Springtime is here – the first of two seasons that campers most enjoy will bring friends and families from all around to the Catskills and Adirondacks. If you love camping, you may be planning your trip right now, thinking about the equipment you’ll need, what you’re going to wear, or even how you’re going to protect your food. You may even consider taking some logs from that tree that fell in your yard to build a campfire.
But are you aware of what’s going on inside that wood?
Wood and wood products carry hitchhikers everywhere.
Here in NY, several diseases and insects threaten our native tree species, and they all rode on or in a log or board to get here. Some of the big ones are:
- Chestnut Blight: Introduced to America in 1904 on Japanese Chestnut imported from Asia. Chestnut blight reduced approximately 3 billion chestnuts to an estimated 100 individuals in just 50 years.
- Oak Wilt: Discovered first in Wisconsin in 1944, Oak Wilt has killed tens of thousands of oak trees and has been confirmed in New York as of 2008.
- Emerald Ash Borer: Introduced in the 1990s from Asia, it has since killed Ash species in the hundreds of millions nationally.
- Southern Pine Beetle: Since being discovered in the Long Island Pine Barrens in 2014, over 20,000 Pitch Pine have died there.

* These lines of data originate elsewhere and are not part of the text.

(* Let $n \geq 2$ be an integer. Then $R_n^* = S_n T_n$. In particular $$\det R_n^* = M^*(n) = \sum_{k=1}^n \mu^*(k).$$
   Context: For positive integers $i,j$, $i \parallel j$ means $i \mid j$ and $\gcd(i,j/i)=1$. The unitary Möbius function is $\mu^*(m)=(-1)^{\omega(m)}$, with $\omega(m)$ the number of distinct prime factors of $m$. For real $x>0$ and a positive integer $m$, $M^*(x,m) := \sum_{k \leq x,\ \gcd(k,m)=1}\mu^*(k)$ (sum over positive integers $k$), and $M^*(x) := M^*(x,1)$. $R_n^*=(\rho_{ij})_{1\le i,j\le n}$ is the $n\times n$ matrix with $\rho_{ij}=1$ if $i \parallel j$ or $j=1$, and $\rho_{ij}=0$ otherwise. $S_n=(s_{ij})$ is the $n\times n$ matrix with $s_{ij}=1$ if $i\parallel j$ and $0$ otherwise. $T_n=(t_{ij})$ is the $n\times n$ matrix with $t_{i1}=M^*(n/i,i)$ for all $i$, $t_{ii}=1$ for $i\ge 2$, and $t_{ij}=0$ otherwise. *)

From mathcomp Require Import all_boot all_order all_algebra.
Set Implicit Arguments. Unset Strict Implicit. Unset Printing Implicit Defensive.
Import GRing.Theory Num.Theory.
Local Open Scope ring_scope.

Definition udvd (i j : nat) : bool := (i %| j)%N && coprime i (j %/ i).

Definition mu_star (m : nat) : int := (-1) ^+ size (primes m).

(* M*(x, m) for x = N a natural number (the sum over k <= x only depends on
   floor x): sum over 1 <= k <= N with gcd(k,m)=1 of mu*(k). *)
Definition Mstar (N m : nat) : int :=
  \sum_(1 <= k < N.+1 | coprime k m) mu_star k.

(* Matrices are indexed by 'I_n; index i : 'I_n stands for the integer i+1. *)
Definition Rstar (n : nat) : 'M[int]_n :=
  \matrix_(i < n, j < n)
    (if udvd i.+1 j.+1 || (j.+1 == 1)%N then 1 else 0).

Definition Smat (n : nat) : 'M[int]_n :=
  \matrix_(i < n, j < n) (if udvd i.+1 j.+1 then 1 else 0).

(* t_{i1} = M*(n/i, i); t_{ii} = 1 for i >= 2; 0 otherwise.
   M*(n/i, i) = Mstar (n %/ i) i since k <= n/i iff k <= floor(n/i). *)
Definition Tmat (n : nat) : 'M[int]_n :=
  \matrix_(i < n, j < n)
    (if (j.+1 == 1)%N then Mstar (n %/ i.+1) i.+1
     else if i == j then 1 else 0).

From mathcomp Require Import all_boot all_order all_algebra.
Set Implicit Arguments. Unset Strict Implicit. Unset Printing Implicit Defensive.
Import GRing.Theory Num.Theory.
Local Open Scope ring_scope.

(* The first column of S_n T_n has entries sum_(i || K <= n) M*(n/K, K).
   Since gcd(l, K) = 1 iff K || K l, M*(n/K, K) is the sum of mu*(N/K) over the
   unitary multiples N <= n of K; exchanging the sums, the entry becomes
   sum_(N <= n) sum_(i || K || N) mu*(N/K), and the inner sum is [N = i]: when
   N <> i, choose a prime p dividing N/i; multiplying K by, or dividing it by,
   the full power of p in N is a sign-reversing involution of the unitary
   interval between i and N.  The other columns of S_n T_n are those of S_n.
   Finally S_n is unitriangular and T_n is lower triangular with diagonal
   M*(n), 1, ..., 1. *)

Lemma big_sign_involution (R : numDomainType) (I : eqType) (r : seq I)
    (P : pred I) (F : I -> R) (g : I -> I) :
  uniq r -> {subset P <= r} ->
  (forall i, P i -> P (g i)) -> (forall i, P i -> g (g i) = i) ->
  (forall i, P i -> F (g i) = - F i) ->
  \sum_(i <- r | P i) F i = 0.
Proof.
move=> r_uniq Pr Pg gK Fg; rewrite -big_filter; set s := filter P r.
have mem_s i : (i \in s) = P i by rewrite mem_filter andb_idr // => /Pr.
have s_gs : perm_eq s (map g s).
  apply: uniq_perm; rewrite ?filter_uniq //.
    rewrite map_inj_in_uniq ?filter_uniq // => i j; rewrite !mem_s => Pi Pj gij.
    by rewrite -(gK i Pi) gij gK.
  move=> i; rewrite mem_s; apply/idP/mapP => [Pi | [j]].
    by exists (g i); rewrite ?mem_s ?Pg ?gK.
  by rewrite mem_s => Pj ->; apply: Pg.
apply/eqP; rewrite -eqNr eq_sym; apply/eqP.
rewrite {1}(perm_big _ s_gs) big_map -sumrN.
by apply: eq_big_seq => i; rewrite mem_s => /Fg.
Qed.

Lemma mu_star_coprimeM m n :
  coprime m n -> mu_star (m * n) = mu_star m * mu_star n.
Proof.
have [->|m_gt0] := posnP m; first by rewrite /coprime gcd0n => /eqP->.
have [->|n_gt0] := posnP n; first by rewrite /coprime gcdn0 => /eqP->.
move=> cmn; rewrite /mu_star -exprD; congr (_ ^+ _).
have : perm_eq (primes (m * n)) (primes m ++ primes n).
  apply: uniq_perm; rewrite ?primes_uniq //.
    by rewrite cat_uniq !primes_uniq andbT -coprime_has_primes.
  by move=> p; rewrite primesM // mem_cat.
by move/perm_size; rewrite size_cat.
Qed.

Lemma mu_star_ppow p a : prime p -> (0 < a)%N -> mu_star (p ^ a) = -1.
Proof. by move=> p_pr a_gt0; rewrite /mu_star primesX // primes_prime. Qed.

Lemma udvdnn m : (0 < m)%N -> udvd m m.
Proof. by move=> m_gt0; rewrite /udvd dvdnn divnn m_gt0 coprimen1. Qed.

Lemma udvd_trans I K N : (0 < I)%N -> udvd I K -> udvd K N -> udvd I N.
Proof.
move=> I_gt0 /andP[IK cI] /andP[KN cK]; rewrite /udvd (dvdn_trans IK KN).
have -> : (N %/ I = K %/ I * (N %/ K))%N.
  by rewrite divn_mulAC // [(K * _)%N]mulnC divnK.
by rewrite coprimeMr cI (coprime_dvdl IK cK).
Qed.

Lemma Gauss_udvdl I K q : coprime I q -> udvd I (K * q) = udvd I K.
Proof.
move=> cIq; rewrite /udvd Gauss_dvdl //.
by case IK: (I %| K)%N; rewrite //= -divn_mulAC // coprimeMr cIq andbT.
Qed.

Lemma udvd_pmul2r q K M :
  (0 < q)%N -> coprime q M -> udvd (K * q) (M * q) = udvd K M.
Proof.
move=> q_gt0 cqM; rewrite /udvd dvdn_pmul2r //.
case KM: (K %| M)%N; rewrite //= divnMr // coprimeMl.
by rewrite (coprime_dvdr (dvdn_div KM) cqM) andbT.
Qed.

Section PrimePowerToggle.

Variables (p a M : nat).
Hypotheses (p_pr : prime p) (a_gt0 : (0 < a)%N) (pM : coprime p M).
Local Notation q := (p ^ a)%N.
Local Notation N := (M * q)%N.

Definition ppow_toggle K := if (p %| K)%N then (K %/ q)%N else (K * q)%N.

Let q_gt0 : (0 < q)%N. Proof. by rewrite expn_gt0 prime_gt0. Qed.

Lemma coprime_ppowr m : coprime m q = ~~ (p %| m)%N.
Proof. by rewrite coprime_sym coprime_pexpl // prime_coprime. Qed.

Let coprime_qM : coprime q M. Proof. by rewrite coprime_sym coprime_ppowr -prime_coprime. Qed.

Lemma udvd_ppowP K :
  udvd K N -> exists2 K', udvd K' M & K = K' \/ K = (K' * q)%N.
Proof.
case pK: (p %| K)%N => uKN; last first.
  have cKq : coprime K q by rewrite coprime_ppowr pK.
  by exists K; [rewrite -(Gauss_udvdl _ cKq) | left].
have /andP[KN cK] := uKN.
have qK : (q %| K)%N.
  have cq : coprime q (N %/ K).
    by rewrite coprime_sym coprime_ppowr -prime_coprime ?(coprime_dvdl pK cK).
  by rewrite -(Gauss_dvdl _ cq) [(K * _)%N]mulnC divnK //; apply: dvdn_mull.
exists (K %/ q)%N; last by right; rewrite divnK.
by rewrite -(udvd_pmul2r _ q_gt0 coprime_qM) divnK.
Qed.

Lemma ppow_toggleP K : udvd K N ->
  [/\ udvd (ppow_toggle K) N, ppow_toggle (ppow_toggle K) = K,
      mu_star (N %/ ppow_toggle K) = - mu_star (N %/ K)
    & forall I, ~~ (p %| I)%N -> udvd I (ppow_toggle K) = udvd I K].
Proof.
case/udvd_ppowP => K' uK'M eK; have /andP[K'M _] := uK'M.
have pK' : ~~ (p %| K')%N by rewrite -prime_coprime ?(coprime_dvdr K'M).
have togK' : ppow_toggle K' = (K' * q)%N by rewrite /ppow_toggle (negbTE pK').
have togK'q : ppow_toggle (K' * q) = K'.
  by rewrite /ppow_toggle dvdn_mull ?mulnK // -{1}(expn1 p) dvdn_exp2l.
have uK' : udvd K' N by rewrite Gauss_udvdl ?coprime_ppowr.
have uK'q : udvd (K' * q) N by rewrite udvd_pmul2r.
have mu_K' : mu_star (N %/ (K' * q)) = - mu_star (N %/ K').
  have cMK'q : coprime (M %/ K') q.
    by rewrite coprime_ppowr -prime_coprime ?(coprime_dvdr (dvdn_div K'M)).
  by rewrite divnMr // -divn_mulAC // mu_star_coprimeM // mu_star_ppow // mulrN1 opprK.
have uI I : ~~ (p %| I)%N -> udvd I (K' * q) = udvd I K'.
  by move=> pI; rewrite Gauss_udvdl ?coprime_ppowr.
case: eK => ->; first by rewrite togK' togK'q.
by rewrite togK'q togK' mu_K' opprK; split=> // I /uI ->.
Qed.

End PrimePowerToggle.

Lemma sum_udvd_interval_mu_star I N B : (0 < I)%N -> (0 < N)%N -> (N < B)%N ->
  \sum_(1 <= K < B | udvd I K && udvd K N) mu_star (N %/ K) = (N == I)%:R.
Proof.
move=> I_gt0 N_gt0 NB; have [eNI|NI] := eqVneq N I.
  subst N; rewrite (eq_bigl (pred1 I)).
    by rewrite big_nat1_eq I_gt0 NB divnn I_gt0.
  move=> K; apply/andP/eqP => [[/andP[IK _] /andP[KI _]] | ->].
    by apply/eqP; rewrite eqn_dvd KI IK.
  by rewrite udvdnn.
have [uIN|nuIN] := boolP (udvd I N); last first.
  by rewrite big_pred0 // => K; apply: contraNF nuIN => /andP[/udvd_trans]; apply.
have /andP[IN cI] := uIN.
have R_gt1 : (1 < N %/ I)%N.
  rewrite ltn_neqAle eq_sym divn_gt0 // (dvdn_leq N_gt0 IN) andbT.
  by apply: contraNneq NI => eR; rewrite -(divnK IN) eR mul1n.
set p := pdiv (N %/ I); have p_pr : prime p by apply: pdiv_prime.
have pI : ~~ (p %| I)%N.
  by rewrite -prime_coprime // coprime_sym (coprime_dvdr (pdiv_dvd _) cI).
have a_gt0 : (0 < logn p N)%N.
  rewrite logn_gt0 mem_primes p_pr N_gt0.
  by apply: dvdn_trans (pdiv_dvd _) (dvdn_div IN).
have [M pM eN] := pfactor_coprime p_pr N_gt0.
set a := logn p N in a_gt0 eN.
rewrite eN; apply: (big_sign_involution (g := ppow_toggle p a)).
- by rewrite iota_uniq.
- move=> K /andP[_ /andP[KN _]]; rewrite -eN in KN.
  by rewrite mem_index_iota (dvdn_gt0 N_gt0 KN) (leq_ltn_trans (dvdn_leq N_gt0 KN)).
- move=> K /andP[uIK uKN].
  by have [-> _ _ uI] := ppow_toggleP p_pr a_gt0 pM uKN; rewrite uI // uIK.
- by move=> K /andP[_ /(ppow_toggleP p_pr a_gt0 pM)[]].
- by move=> K /andP[_ /(ppow_toggleP p_pr a_gt0 pM)[]].
Qed.

Lemma Mstar_div_udvd K n :
  Mstar (n %/ K) K = \sum_(1 <= N < n.+1 | udvd K N) mu_star (N %/ K).
Proof.
have [->|K_gt0] := posnP K.
  by rewrite divn0 /Mstar big_geq // big_pred0 // => -[].
elim: n => [|n IHn]; first by rewrite div0n /Mstar !big_geq.
rewrite big_mkcond big_nat_recr //= -big_mkcond -IHn /Mstar /udvd divnS //.
case: (boolP (K %| n.+1)%N) => Kn /=; last by rewrite add0n addr0.
by rewrite add1n big_mkcond big_nat_recr //= -big_mkcond coprime_sym.
Qed.

Lemma sum_udvd_Mstar I n : (0 < I)%N -> (I <= n)%N ->
  \sum_(1 <= K < n.+1 | udvd I K) Mstar (n %/ K) K = 1.
Proof.
move=> I_gt0 In.
under eq_bigr do rewrite Mstar_div_udvd.
rewrite (exchange_big_dep_nat xpredT) //=.
transitivity (\sum_(1 <= N < n.+1 | N == I) 1 : int); last first.
  by rewrite big_nat1_eq I_gt0 ltnS In.
rewrite [RHS]big_mkcond; apply: eq_big_nat => N /andP[N_gt0 Nn].
by rewrite sum_udvd_interval_mu_star //; case: (N == I).
Qed.

Lemma Rstar_factor n : Rstar n = Smat n *m Tmat n.
Proof.
apply/matrixP => i j; rewrite !mxE; case: j => -[|j] j_lt /=.
  rewrite orbT -(sum_udvd_Mstar (ltn0Sn i) (ltn_ord i)) big_add1 /= big_mkord.
  rewrite big_mkcond /=; apply: eq_bigr => k _; rewrite !mxE /=.
  by case: ifP; rewrite ?mul1r ?mul0r.
rewrite orbF (bigD1 (Ordinal j_lt)) //= big1 ?addr0 => [|k /negbTE kj].
  by rewrite !mxE /= eqxx mulr1.
by rewrite !mxE /= kj mulr0.
Qed.

Lemma det_Smat n : \det (Smat n) = 1.
Proof.
rewrite -det_tr det_trig.
  by rewrite big1 // => i _; rewrite !mxE udvdnn.
apply/is_trig_mxP => i j ij; rewrite !mxE /udvd.
by case: ifP => // /andP[/(dvdn_leq (ltn0Sn _))]; rewrite ltnS leqNgt ij.
Qed.

Lemma det_Tmat n : (0 < n)%N -> \det (Tmat n) = Mstar n 1.
Proof.
case: n => // n _; rewrite det_trig.
  rewrite big_ord_recl big1 ?mulr1 => [|i _]; first by rewrite !mxE /= divn1.
  by rewrite !mxE /= eqxx.
apply/is_trig_mxP => i j ij; rewrite !mxE /=.
by rewrite eqSS (gtn_eqF (leq_ltn_trans (leq0n i) ij)) -val_eqE (ltn_eqF ij).
Qed.

Theorem theorem2 (n : nat) (hn : (2 <= n)%N) :
  Rstar n = Smat n *m Tmat n /\
  \det (Rstar n) = Mstar n 1 /\
  Mstar n 1 = \sum_(1 <= k < n.+1) mu_star k.
Proof.
split; first exact: Rstar_factor.
split; last by apply: eq_bigl => k; rewrite coprimen1.
by rewrite Rstar_factor det_mulmx det_Smat mul1r det_Tmat // ltnW.
Qed.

Invasives’ primary mode of introduction is transportation of wood and wood products, mainly firewood and pallets. Invasive insects and diseases lurk within the bark and the sapwood, and larger insects and their larvae can withstand the cutting process if they are positioned just right. If an infested tree is felled and used to make wood products, it will likely be shipped well beyond its point of origin, and as pallets it could be shipped around the world. While regulations now dictate that wood for pallets must be treated either chemically or with heat, those treatments are only required for international shipments.
Now that we understand how invasive species move, let’s look at what they can do.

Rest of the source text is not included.